Lemma colon_mul_linear : linear colon_mul.
Proof.
move=> c a b; rewrite /colon_mul -pi_scaleE -raddfD; apply/quot_eqP.
rewrite -mulrA -mulrDr -mulrBr; apply/(quot_eqP (colon_right_ideal rI r)).
by rewrite reprK -[a in LHS]reprK -[b in LHS]reprK -pi_scaleE -raddfD.
Qed.

HB.instance Definition _ := GRing.isLinear.Build R^c RmodIr RmodI *:%R colon_mul
  colon_mul_linear.

Lemma colon_mul_inj : injective colon_mul.
Proof.
move=> a b /quot_eqP; rewrite -mulrBr => Ir_ab.
by rewrite -[a]reprK -[b]reprK; apply/(quot_eqP (colon_right_ideal rI r)).
Qed.

Hypotheses (HS : subring_over phi S) (flatS : flat_left phi S).

Lemma ext_ideal_colon1 : ext_ideal phi S I 1 -> ext_ideal phi S (colon I r) 1.
Proof.
move=> I1; have S1 := subring1 HS.
have vanish : tens_rel phi S [:: (colon_mul (\pi_RmodIr 1), 1)] [::].
  exact: tens_simple_vanish.
move: (flatS colon_mul_inj (allS_seq1 S1) vanish) => /(tens_rel_eval HS).
rewrite tensor_eval1 tensor_eval0 subr0 => Ir_repr1.
have -> : (1 : Q) = phi (repr (\pi_RmodIr 1)) * 1 - phi (repr (\pi_RmodIr 1) - 1) * 1.
  by rewrite -mulrBl rmorphB opprB addrC subrK rmorph1 mulr1.
apply: (ext_idealB HS) => //; apply: ext_idealM S1.
by apply/(quot_eqP (colon_right_ideal rI r)); rewrite reprK.
Qed.

End FlatColon.

Section GabrielFilters.
Variable R : pzRingType.
Implicit Types (E : (R -> Prop) -> Prop) (I J : R -> Prop).

Definition gabriel_filter E : Prop :=
  [/\ forall I, E I -> right_ideal I,
      E (fun=> True),
      forall I r, E I -> E (colon I r)
    & forall I J, right_ideal I -> E J -> (forall x, J x -> E (colon I x)) -> E I].

Lemma gabriel_filterI E I J : gabriel_filter E -> E I -> E J ->
  E (fun x => I x /\ J x).
Proof.
move=> [rE _ E_colon E_trans] EI EJ.
apply: (E_trans _ J) => // [|x Jx]; first exact: right_idealI (rE I EI) (rE J EJ).
suff -> : colon (fun x => I x /\ J x) x = colon I x by apply: E_colon.
by apply/predeqP => y; split=> [[]|Ixy] //; split=> //; apply: (ridealMr (rE J EJ)).
Qed.

Lemma gabriel_dense : gabriel_filter (@dense_right_ideal R).
Proof.
split.
- by move=> I [].
- by split=> [|x y y0]; [split | exists 1; rewrite mulr1].
- move=> I r [rI dI]; split=> [|x y y0]; first exact: colon_right_ideal.
  by have [t [It yt]] := dI (r * x) y y0; exists t; rewrite /colon mulrA.
- move=> I J rI [rJ dJ] dIJ; split=> // x y y0.
  have [t [Jxt yt]] := dJ x y y0.
  have [u [Iu yu]] := (dIJ _ Jxt).2 1 (y * t) yt.
  by exists (t * u); rewrite !mulrA; move: Iu; rewrite /colon mul1r.
Qed.

Lemma gabriel_bigcap (T : Type) (F : T -> (R -> Prop) -> Prop) (P : T -> Prop) :
  (forall t, P t -> gabriel_filter (F t)) ->
  gabriel_filter (fun I => right_ideal I /\ forall t, P t -> F t I).
Proof.
move=> GF; split.
- by move=> I [].
- by split=> [|t /GF[]//]; split.
- move=> I r [rI FI]; split=> [|t Pt]; first exact: colon_right_ideal.
  by have [_ _ F_colon _] := GF t Pt; apply/F_colon/FI.
- move=> I J rI [rJ FJ] FIJ; split=> // t Pt.
  have [_ _ _ F_trans] := GF t Pt; apply: (F_trans _ J) => // [|x /FIJ[_]]; auto.
Qed.

End GabrielFilters.

Section RingOfQuotients.
Variables (R Q : pzRingType) (phi : {rmorphism R -> Q}) (E : (R -> Prop) -> Prop).
Hypotheses (phi_inj : injective phi) (GE : gabriel_filter E).
Local Notation RE := (ring_of_quot phi E).

Lemma ring_of_quotB p q : RE p -> RE q -> RE (p - q).
Proof.
move=> [I [EI pI]] [J [EJ qJ]]; exists (fun x => I x /\ J x).
split=> [|x [/pI[s ps] /qJ[t qt]]]; first exact: gabriel_filterI.
by exists (s - t); rewrite mulrBl ps qt rmorphB.
Qed.

Lemma ring_of_quotM p q : RE p -> RE q -> RE (p * q).
Proof.
have [rE _ E_colon E_trans] := GE.
move=> [I [EI pI]] [J [EJ qJ]].
pose K x := J x /\ exists2 s, q * phi x = phi s & I s.
have rK : right_ideal K.
  have [rI rJ] := (rE I EI, rE J EJ).
  split.
  - split; first exact: rideal0.
    by exists 0; rewrite ?rmorph0 ?mulr0 //; apply: rideal0.
  - move=> x y [Jx [s qs Is]] [Jy [t qt It]]; split; first exact: ridealD.
    by exists (s + t); [rewrite !rmorphD mulrDr qs qt | apply: ridealD].
  - move=> x r [Jx [s qs Is]]; split; first exact: ridealMr.
    by exists (s * r); [rewrite !rmorphM mulrA qs | apply: ridealMr].
have EK : E K.
  apply: (E_trans _ J) => // x Jx; have [s qs] := qJ x Jx.
  suff -> : colon K x = colon I s by apply: E_colon.
  apply/predeqP => y; rewrite /colon /K rmorphM mulrA qs -rmorphM; split.
    by move=> [_ [t /phi_inj <-]].
  by move=> Isy; split; [apply: (ridealMr (rE J EJ)) | exists (s * y)].
exists K; split=> // x [_ [s qs Is]].
by have [t pt] := pI s Is; exists t; rewrite -mulrA qs.
Qed.

Lemma gabriel_ring_of_quot : subring_over phi RE.
Proof.
have [_ ET _ _] := GE.
split; [| exact: ring_of_quotB | exact: ring_of_quotM |].
  by exists (fun=> True); split=> // x _; exists x; rewrite mul1r.
by move=> r; exists (fun=> True); split=> // x _; exists (r * x); rewrite rmorphM.
Qed.

End RingOfQuotients.

Lemma gabriel_ext_full (R Q : pzRingType) (phi : {rmorphism R -> Q}) (S : Q -> Prop) :
  subring_over phi S -> flat_left phi S ->
  gabriel_filter (fun I => right_ideal I /\ ideal_ext_full phi I S).
Proof.
move=> HS flatS; split.
- by move=> I [].
- split; first by split.
  apply/(ideal_ext_fullE HS); rewrite -(mulr1 1) -{1}(rmorph1 phi).
  exact: ext_idealM (subring1 HS).
- move=> I r [rI /(ideal_ext_fullE HS) I1]; split; first exact: colon_right_ideal.
  exact/(ideal_ext_fullE HS)/(ext_ideal_colon1 rI r HS flatS).
- move=> I J rI [_ /(ideal_ext_fullE HS) J1] EIJ; split=> //.
  apply/(ideal_ext_fullE HS); elim: J1 => [|a b _ Ia _ Ib|j t Jj St].
  + exact: ext_ideal0.
  + exact: ext_idealD.
  + have [_ /(ideal_ext_fullE HS) colon1] := EIJ j Jj.
    by apply: ext_ideal_colon; rewrite -[t]mul1r; apply: (ext_idealMr HS).
Qed.

Lemma least_succ_or_limit (W : Type) (lt : W -> W -> Prop) w :
  [\/ is_least lt w, exists v, is_succ_of lt w v | is_limit lt w].
Proof.
have [w_least | w_not_least] := pselect (is_least lt w); first exact: Or31.
have [w_succ | w_not_succ] := pselect (exists v, is_succ_of lt w v); first exact: Or32.
by apply: Or33; split=> // v wv; apply: w_not_succ; exists v.
Qed.

Section FilterChain.
Variables (R Q : pzRingType) (phi : {rmorphism R -> Q}).
Variables (W : Type) (lt : W -> W -> Prop).
Variables (E : W -> (R -> Prop) -> Prop) (Qa : W -> Q -> Prop).
Hypotheses (phi_inj : injective phi) (HC : condC phi) (lt_wf : well_founded lt).
Hypothesis E_least : forall w, is_least lt w ->
  (forall I, E w I <-> dense_right_ideal I) /\ (forall q, Qa w q).
Hypothesis E_succ : forall w v, is_succ_of lt w v ->
  (forall I, E w I <-> right_ideal I /\ ideal_ext_full phi I (Qa v)) /\
  (forall q, Qa w q <-> ring_of_quot phi (E w) q).
Hypothesis E_limit : forall w, is_limit lt w ->
  (forall I, E w I <-> right_ideal I /\ (forall v, lt v w -> E v I)) /\
  (forall q, Qa w q <-> ring_of_quot phi (E w) q).

Lemma filter_chain_gabriel w : gabriel_filter (E w) /\ subring_over phi (Qa w).
Proof.
elim/(well_founded_ind lt_wf): w => w IH.
have [w_least | [v wv] | w_limit] := least_succ_or_limit lt w.
- have [/predeqP -> Qa_all] := E_least w_least; split; first exact: gabriel_dense.
  by split=> *; apply: Qa_all.
- have [/predeqP E_wE /predeqP ->] := E_succ wv; have [_ Qa_v] := IH v wv.1.
  have GE : gabriel_filter (E w).
    by rewrite E_wE; apply: gabriel_ext_full => //; apply: HC.
  by split=> //; apply: gabriel_ring_of_quot.
- have [/predeqP E_wE /predeqP ->] := E_limit w_limit.
  have GE : gabriel_filter (E w) by rewrite E_wE; apply: gabriel_bigcap => v /IH[].
  by split=> //; apply: gabriel_ring_of_quot.
Qed.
++++++
» Task requirements
Please repeat word for word the lines above that run from the beginning through the line containing "move=> [rE _ E_colon E_trans] EI EJ.", keeping both the first and that last line.

» Answer
Lemma colon_mul_linear : linear colon_mul.
Proof.
move=> c a b; rewrite /colon_mul -pi_scaleE -raddfD; apply/quot_eqP.
rewrite -mulrA -mulrDr -mulrBr; apply/(quot_eqP (colon_right_ideal rI r)).
by rewrite reprK -[a in LHS]reprK -[b in LHS]reprK -pi_scaleE -raddfD.
Qed.

HB.instance Definition _ := GRing.isLinear.Build R^c RmodIr RmodI *:%R colon_mul
  colon_mul_linear.

Lemma colon_mul_inj : injective colon_mul.
Proof.
move=> a b /quot_eqP; rewrite -mulrBr => Ir_ab.
by rewrite -[a]reprK -[b]reprK; apply/(quot_eqP (colon_right_ideal rI r)).
Qed.

Hypotheses (HS : subring_over phi S) (flatS : flat_left phi S).

Lemma ext_ideal_colon1 : ext_ideal phi S I 1 -> ext_ideal phi S (colon I r) 1.
Proof.
move=> I1; have S1 := subring1 HS.
have vanish : tens_rel phi S [:: (colon_mul (\pi_RmodIr 1), 1)] [::].
  exact: tens_simple_vanish.
move: (flatS colon_mul_inj (allS_seq1 S1) vanish) => /(tens_rel_eval HS).
rewrite tensor_eval1 tensor_eval0 subr0 => Ir_repr1.
have -> : (1 : Q) = phi (repr (\pi_RmodIr 1)) * 1 - phi (repr (\pi_RmodIr 1) - 1) * 1.
  by rewrite -mulrBl rmorphB opprB addrC subrK rmorph1 mulr1.
apply: (ext_idealB HS) => //; apply: ext_idealM S1.
by apply/(quot_eqP (colon_right_ideal rI r)); rewrite reprK.
Qed.

End FlatColon.

Section GabrielFilters.
Variable R : pzRingType.
Implicit Types (E : (R -> Prop) -> Prop) (I J : R -> Prop).

Definition gabriel_filter E : Prop :=
  [/\ forall I, E I -> right_ideal I,
      E (fun=> True),
      forall I r, E I -> E (colon I r)
    & forall I J, right_ideal I -> E J -> (forall x, J x -> E (colon I x)) -> E I].

Lemma gabriel_filterI E I J : gabriel_filter E -> E I -> E J ->
  E (fun x => I x /\ J x).
Proof.
move=> [rE _ E_colon E_trans] EI EJ.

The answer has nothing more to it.